(* Cauchy-Schwarz bound for point evaluation in H^2(beta), in the form
   [|g(z)| <= (||g||^2 / la + la * sum_k |z|^(2k) / beta_k) / 2] for every [la > 0]. *)
Lemma H2_point_bound (beta : nat -> R) (b : nat -> C) (z v : C) (la : R) :
  (forall n, 0 < beta n) -> in_H2 beta b ->
  ex_series (fun k => (Cmod z ^ 2) ^ k * / beta k) -> pseries_at b z v -> 0 < la ->
  Cmod v <= (Series (fun k => Cmod (b k) ^ 2 * beta k) * / la
             + Series (fun k => (Cmod z ^ 2) ^ k * / beta k) * la) * / 2.
Proof.
  intros Hpos Hb Hz Hv Hla.
  set (h := fun k => (Cmod (b k) ^ 2 * beta k * / la + (Cmod z ^ 2) ^ k * / beta k * la) * / 2).
  assert (Hh : is_series h ((Series (fun k => Cmod (b k) ^ 2 * beta k) * / la
                            + Series (fun k => (Cmod z ^ 2) ^ k * / beta k) * la) * / 2)).
  { apply is_series_scal_r, (is_series_plus (K := R_AbsRing) (V := R_NormedModule));
      apply is_series_scal_r, Series_correct; assumption. }
  assert (Hh_nonneg : forall k, 0 <= h k).
  { intros k; pose proof (Hpos k); pose proof (Cmod_ge_0 z); unfold h.
    apply Rmult_le_pos; [| lra]; apply Rplus_le_le_0_compat.
    - apply Rmult_le_pos; [| left; now apply Rinv_0_lt_compat].
      apply Rmult_le_pos; [apply pow2_ge_0 | lra].
    - apply Rmult_le_pos; [| lra]; apply Rmult_le_pos;
        [apply pow_le, pow2_ge_0 | left; now apply Rinv_0_lt_compat]. }
  apply (Cmod_series_le _ v _ Hv); intros N.
  rewrite <- (is_series_unique h _ Hh).
  eapply Rle_trans; [| apply sum_n_le_Series; [exact Hh_nonneg | eexists; exact Hh]].
  unfold sum_n; apply sum_n_m_le; intros k.
  rewrite Cmod_mult, Cmod_pow; unfold h.
  replace ((Cmod z ^ 2) ^ k) with ((Cmod z ^ k) ^ 2) by (rewrite <- !pow_mult; f_equal; lia).
  pose proof (amgm_weighted (Cmod (b k)) (Cmod z ^ k) (beta k) la (Hpos k) Hla); lra.
Qed.

Section TestFunction.

Variable beta : nat -> R.
Hypothesis beta_pos : forall n, 0 < beta n.
Hypothesis beta_geom : forall x, 0 <= x < 1 -> ex_series (fun k => x ^ k * / beta k).
Variables nb ub : nat -> nat.
Hypothesis blocks_good : forall j, good_block beta j (nb j) (ub j).
Hypothesis blocks_separated : forall j, (ub j < nb (S j))%nat.

Definition in_block (j k : nat) : Prop := (nb j <= k <= ub j)%nat.

Lemma block_nonempty (j : nat) : (nb j <= ub j)%nat.
Proof. apply (blocks_good j). Qed.

Lemma blocks_ordered (i j : nat) : (i < j)%nat -> (ub i < nb j)%nat.
Proof.
  induction j as [|j IH]; intros Hij; [lia |].
  pose proof (blocks_separated j); pose proof (block_nonempty j).
  destruct (Nat.eq_dec i j) as [-> | Hne]; [lia |].
  specialize (IH ltac:(lia)); lia.
Qed.

Lemma blocks_disjoint (i j k : nat) : in_block i k -> in_block j k -> i = j.
Proof.
  unfold in_block; intros Hi Hj.
  destruct (Nat.lt_total i j) as [H | [H | H]]; auto;
    [pose proof (blocks_ordered i j H) | pose proof (blocks_ordered j i H)]; lia.
Qed.

Lemma block_index_le (j : nat) : (j <= nb j)%nat.
Proof.
  induction j as [|j IH]; [lia |].
  pose proof (blocks_separated j); pose proof (block_nonempty j); lia.
Qed.

Lemma gap_not_in_block (j k : nat) :
  (k < nb j)%nat -> (forall i, (i < j)%nat -> (ub i < k)%nat) -> forall i, ~ in_block i k.
Proof.
  unfold in_block; intros Hk Hprev i Hi.
  destruct (Nat.lt_ge_cases i j) as [Hij | Hji].
  - specialize (Hprev i Hij); lia.
  - destruct (Nat.eq_dec i j) as [-> | Hne]; [lia |].
    pose proof (blocks_ordered j i ltac:(lia)); pose proof (block_nonempty j); lia.
Qed.

(* Data of the [j]-th block: the point [y_j], the mass [T_j] and the coefficient [c_j]
   normalised by [c_j^2 T_j = 2^-j]. *)
Definition point (j : nat) : R := exp (- rate j (nb j)).
Definition mass (j : nat) : R := block_mass (fun k => / beta k) (point j) (nb j) (ub j).
Definition coef (j : nat) : R := sqrt ((/ 2) ^ j / mass j).

Lemma mass_pos (j : nat) : 0 < mass j.
Proof. apply (blocks_good j). Qed.

Lemma coef_spec (j : nat) : 0 < coef j /\ coef j ^ 2 * mass j = (/ 2) ^ j.
Proof.
  pose proof (mass_pos j); pose proof (pow_lt (/ 2) j ltac:(lra)).
  assert (0 < (/ 2) ^ j / mass j) by (apply Rdiv_lt_0_compat; auto).
  unfold coef; split; [now apply sqrt_lt_R0 |].
  simpl; rewrite Rmult_1_r, sqrt_sqrt by lra; field; lra.
Qed.

(* The test function [f = sum_j c_j sum_(k in block j) y_j^k / beta_k z^k]; its [k]-th
   coefficient only involves blocks of index [j <= k] since the [j]-th block starts at
   an index at least [j]. *)
Definition block_part (j k : nat) : R :=
  if andb (Nat.leb (nb j) k) (Nat.leb k (ub j)) then coef j * (point j ^ k * / beta k) else 0.
Definition test_coef (k : nat) : R := sum_n (fun j => block_part j k) k.

Lemma block_part_in (j k : nat) :
  in_block j k -> block_part j k = coef j * (point j ^ k * / beta k).
Proof.
  unfold in_block, block_part; intros Hk.
  destruct (Nat.leb_spec (nb j) k), (Nat.leb_spec k (ub j)); simpl; auto; lia.
Qed.

Lemma block_part_out (j k : nat) : ~ in_block j k -> block_part j k = 0.
Proof.
  unfold in_block, block_part; intros Hk.
  destruct (Nat.leb_spec (nb j) k), (Nat.leb_spec k (ub j)); simpl; auto; lia.
Qed.

Lemma test_coef_in (j k : nat) : in_block j k -> test_coef k = coef j * (point j ^ k * / beta k).
Proof.
  intros Hk; unfold test_coef.
  rewrite (sum_n_single _ j k); [now apply block_part_in | |].
  - pose proof (block_index_le j); unfold in_block in Hk; lia.
  - intros i _ Hne; apply block_part_out; intros Hi; apply Hne; eapply blocks_disjoint; eauto.
Qed.

Lemma test_coef_out (k : nat) : (forall i, ~ in_block i k) -> test_coef k = 0.
Proof. intros Hk; unfold test_coef; apply sum_n_zero; intros i _; now apply block_part_out. Qed.

Lemma test_coef_nonneg (k : nat) : 0 <= test_coef k.
Proof.
  unfold test_coef, sum_n; apply sum_n_m_nonneg; intros j; unfold block_part.
  destruct (andb _ _); [| lra].
  pose proof (coef_spec j); pose proof (beta_pos k).
  apply Rmult_le_pos; [lra |]; apply Rmult_le_pos;
    [apply pow_le; left; apply exp_pos | left; now apply Rinv_0_lt_compat].
Qed.

Lemma block_norm (j : nat) :
  sum_n_m (fun k => test_coef k ^ 2 * beta k) (nb j) (ub j) = (/ 2) ^ j.
Proof.
  rewrite <- (proj2 (coef_spec j)); unfold mass, block_mass.
  rewrite <- (sum_n_m_mult_l (K := R_Ring)).
  apply sum_n_m_ext_loc; intros k Hk.
  rewrite (test_coef_in j k Hk); change (mult (coef j ^ 2) ((point j ^ 2) ^ k * / beta k))
    with (coef j ^ 2 * ((point j ^ 2) ^ k * / beta k)).
  rewrite <- pow_mult, Nat.mul_comm, pow_mult.
  change (@eq R ((coef j * (point j ^ k * / beta k)) ^ 2 * beta k)
                (coef j ^ 2 * ((point j ^ k) ^ 2 * / beta k))).
  pose proof (beta_pos k); field; lra.
Qed.

Lemma gap_and_block_norm (j a : nat) :
  (a <= nb j)%nat -> (forall i, (i < j)%nat -> (ub i < a)%nat) ->
  sum_n_m (fun k => test_coef k ^ 2 * beta k) a (ub j) = (/ 2) ^ j.
Proof.
  intros Ha Hprev.
  destruct (Nat.eq_dec a (nb j)) as [-> | Hne]; [apply block_norm |].
  rewrite (sum_n_m_Chasles _ a (pred (nb j)) (ub j)) by (pose proof (block_nonempty j); lia).
  replace (S (pred (nb j))) with (nb j) by lia.
  rewrite block_norm, (sum_n_m_ext_loc _ (fun _ => zero)).
  - rewrite sum_n_m_const_zero; apply plus_zero_l.
  - intros k Hk; rewrite test_coef_out; [change (@eq R (0 ^ 2 * beta k) 0); ring |].
    apply (gap_not_in_block j); [lia | intros i Hi; specialize (Hprev i Hi); lia].
Qed.

Lemma test_norm_partial (j : nat) :
  sum_n (fun k => test_coef k ^ 2 * beta k) (ub j) = sum_n (fun i => (/ 2) ^ i) j.
Proof.
  induction j as [|j IH].
  - rewrite sum_O; apply gap_and_block_norm; lia.
  - rewrite sum_Sn, <- IH; unfold sum_n.
    rewrite (sum_n_m_Chasles _ 0 (ub j) (ub (S j)))
      by (pose proof (blocks_separated j); pose proof (block_nonempty (S j)); lia).
    f_equal; apply gap_and_block_norm; [apply blocks_separated |].
    intros i Hi; destruct (Nat.eq_dec i j) as [-> | Hne]; [lia |].
    pose proof (blocks_ordered i j ltac:(lia)); pose proof (block_nonempty j); lia.
Qed.

Lemma test_in_H2 : in_H2 beta (fun k => RtoC (test_coef k)).
Proof.
  unfold in_H2; apply (ex_series_nonneg_bounded _ 2).
  - intros k; apply Rmult_le_pos; [apply pow2_ge_0 | left; apply beta_pos].
  - intros N.
    rewrite (sum_n_ext _ (fun k => test_coef k ^ 2 * beta k))
      by (intros k; now rewrite Cmod_R, pow2_abs).
    assert (Hgeom : sum_n (fun i => (/ 2) ^ i) N <= 2).
    { apply Rle_trans with (Series (fun i => (/ 2) ^ i)).
      - apply sum_n_le_Series; [intros i; apply pow_le; lra |].
        apply ex_series_geom; rewrite Rabs_pos_eq; lra.
      - rewrite Series_geom by (rewrite Rabs_pos_eq; lra); lra. }
    rewrite <- test_norm_partial in Hgeom.
    eapply Rle_trans; [| exact Hgeom]; unfold sum_n.
    apply sum_n_m_subrange; [intros k; apply Rmult_le_pos; [apply pow2_ge_0 | left; apply beta_pos]
      | lia |].
    pose proof (block_index_le N); pose proof (block_nonempty N); lia.
Qed.

(* At [y_j] all the terms of [f] are nonnegative, and those of the [j]-th block already
   sum to [c_j T_j]. *)
Lemma test_value_lower (j : nat) (v : C) :
  pseries_at (fun k => RtoC (test_coef k)) (RtoC (point j)) v -> coef j * mass j <= Cmod v.
Proof.
  intros Hv; apply (Cmod_series_ge _ v _ (ub j) Hv); intros N HN.
  rewrite (sum_n_ext _ (fun k => test_coef k * point j ^ k))
    by (intros k; rewrite Cpow_RtoC; simpl; ring).
  unfold mass, block_mass; rewrite <- (sum_n_m_mult_l (K := R_Ring)).
  apply Rle_trans with (sum_n_m (fun k => test_coef k * point j ^ k) (nb j) (ub j)).
  - right; apply sum_n_m_ext_loc; intros k Hk.
    rewrite (test_coef_in j k Hk); change (mult (coef j) ((point j ^ 2) ^ k * / beta k))
      with (coef j * ((point j ^ 2) ^ k * / beta k)).
    rewrite <- pow_mult, Nat.mul_comm, pow_mult; simpl; ring.
  - unfold sum_n; apply sum_n_m_subrange; [| lia | exact HN].
    intros k; apply Rmult_le_pos; [apply test_coef_nonneg | apply pow_le; left; apply exp_pos].
Qed.

(* Comparing the value [f(y_j) = g(-r_j)] from below (by [test_value_lower]) and from above
   (by Cauchy-Schwarz in H^2(beta) and the good-block estimate) gives
   [2^-j = c_j^2 T_j <= ||g||^2 4^-j]. *)
Lemma block_value_inequality (b : nat -> C) (j : nat) :
  in_H2 beta b ->
  (forall z, Cmod z < 1 ->
     exists v, pseries_at (fun k => RtoC (test_coef k)) (I1 z) v /\ pseries_at b z v) ->
  (/ 2) ^ j <= Series (fun k => Cmod (b k) ^ 2 * beta k) * (/ 4) ^ j.
Proof.
  intros Hb Hcomp.
  destruct (blocks_good j) as [_ [Ht [_ Hseries]]].
  pose proof (radius_range _ Ht) as Hr.
  set (r := radius (rate j (nb j))) in *.
  assert (Hz : Cmod (RtoC (- r)) = r) by (rewrite Cmod_R, Rabs_Ropp; apply Rabs_pos_eq; lra).
  destruct (Hcomp (RtoC (- r)) ltac:(lra)) as [v [Hfv Hgv]].
  unfold r in Hfv; rewrite (I1_at_radius _ Ht) in Hfv.
  pose proof (test_value_lower j v Hfv) as Hlow.
  destruct (coef_spec j) as [Hc Hc2].
  set (B := Series (fun k => Cmod (b k) ^ 2 * beta k)) in *.
  set (d := (/ 4) ^ j) in *.
  set (S := Series (fun k => (r ^ 2) ^ k * / beta k)) in *.
  assert (Hd : 0 < d) by (apply pow_lt; lra).
  assert (HS : S <= d * mass j) by exact Hseries.
  assert (Hla : 0 < coef j / d) by (apply Rdiv_lt_0_compat; lra).
  pose proof (H2_point_bound beta b (RtoC (- r)) v (coef j / d) beta_pos Hb) as Hup.
  rewrite Hz in Hup; specialize (Hup (beta_geom (r ^ 2) ltac:(split; [apply pow2_ge_0 | nra]))
                                  Hgv Hla); fold B S in Hup.
  assert (HSc : S * (coef j / d) <= coef j * mass j).
  { apply Rle_trans with (d * mass j * (coef j / d));
      [apply Rmult_le_compat_r; lra | right; field; lra]. }
  assert (HcT : coef j * mass j <= B * d / coef j).
  { replace (B * d / coef j) with (B * / (coef j / d)) by (field; lra); lra. }
  rewrite <- Hc2.
  apply (Rmult_le_compat_l (coef j)) in HcT; [| lra].
  replace (coef j * (B * d / coef j)) with (B * d) in HcT by (field; lra).
  simpl; lra.
Qed.

Lemma CI1_not_maps_into : ~ CI1_maps_into beta.
Proof.
  intros Hmaps.
  destruct (Hmaps _ test_in_H2) as [b [Hb Hcomp]].
  set (B := Series (fun k => Cmod (b k) ^ 2 * beta k)).
  assert (Hlarge : forall j, 1 <= B * (/ 2) ^ j).
  { intros j; pose proof (block_value_inequality b j Hb Hcomp) as Hj; fold B in Hj.
    pose proof (pow_lt (/ 2) j ltac:(lra)).
    replace ((/ 4) ^ j) with ((/ 2) ^ j * (/ 2) ^ j) in Hj
      by (rewrite <- Rpow_mult_distr; f_equal; field).
    apply Rmult_le_reg_r with ((/ 2) ^ j); nra. }
  assert (Hlim : is_lim_seq (fun j => B * (/ 2) ^ j) (B * 0)).
  { apply (is_lim_seq_scal_l _ B 0), is_lim_seq_geom; rewrite Rabs_pos_eq; lra. }
  pose proof (is_lim_seq_le _ _ 1 (B * 0) Hlarge (is_lim_seq_const 1) Hlim) as Hle.
  simpl in Hle; lra.
Qed.

End TestFunction.

Theorem mainTheorem20 (beta : nat -> R) :
  (forall n : nat, 0 < beta n) ->
  (forall n : nat, beta (S n) <= beta n) ->
  Rbar_le (Finite 1) (LimInf_seq (fun n => Rpower (beta n) (/ INR n))) ->
  CI1_maps_into beta ->
  Delta2 beta.
Proof.
  intros Hpos Hstep Hliminf Hmaps.
  apply NNPP; intros HnotDelta2.
  destruct (good_block_sequence beta Hpos Hstep Hliminf HnotDelta2) as [nb [ub [Hgood Hsep]]].
  exact (CI1_not_maps_into beta Hpos (geometric_summable beta Hpos Hliminf) nb ub Hgood Hsep Hmaps).
Qed.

## YOUR INSTRUCTIONS
When you retype the data above, start at its first line, stop after the line containing "assert (Hh_nonneg : forall k, 0 <= h k).", and leave out everything else.

## RESPONSE TO THE EXERCISE
(* Cauchy-Schwarz bound for point evaluation in H^2(beta), in the form
   [|g(z)| <= (||g||^2 / la + la * sum_k |z|^(2k) / beta_k) / 2] for every [la > 0]. *)
Lemma H2_point_bound (beta : nat -> R) (b : nat -> C) (z v : C) (la : R) :
  (forall n, 0 < beta n) -> in_H2 beta b ->
  ex_series (fun k => (Cmod z ^ 2) ^ k * / beta k) -> pseries_at b z v -> 0 < la ->
  Cmod v <= (Series (fun k => Cmod (b k) ^ 2 * beta k) * / la
             + Series (fun k => (Cmod z ^ 2) ^ k * / beta k) * la) * / 2.
Proof.
  intros Hpos Hb Hz Hv Hla.
  set (h := fun k => (Cmod (b k) ^ 2 * beta k * / la + (Cmod z ^ 2) ^ k * / beta k * la) * / 2).
  assert (Hh : is_series h ((Series (fun k => Cmod (b k) ^ 2 * beta k) * / la
                            + Series (fun k => (Cmod z ^ 2) ^ k * / beta k) * la) * / 2)).
  { apply is_series_scal_r, (is_series_plus (K := R_AbsRing) (V := R_NormedModule));
      apply is_series_scal_r, Series_correct; assumption. }
  assert (Hh_nonneg : forall k, 0 <= h k).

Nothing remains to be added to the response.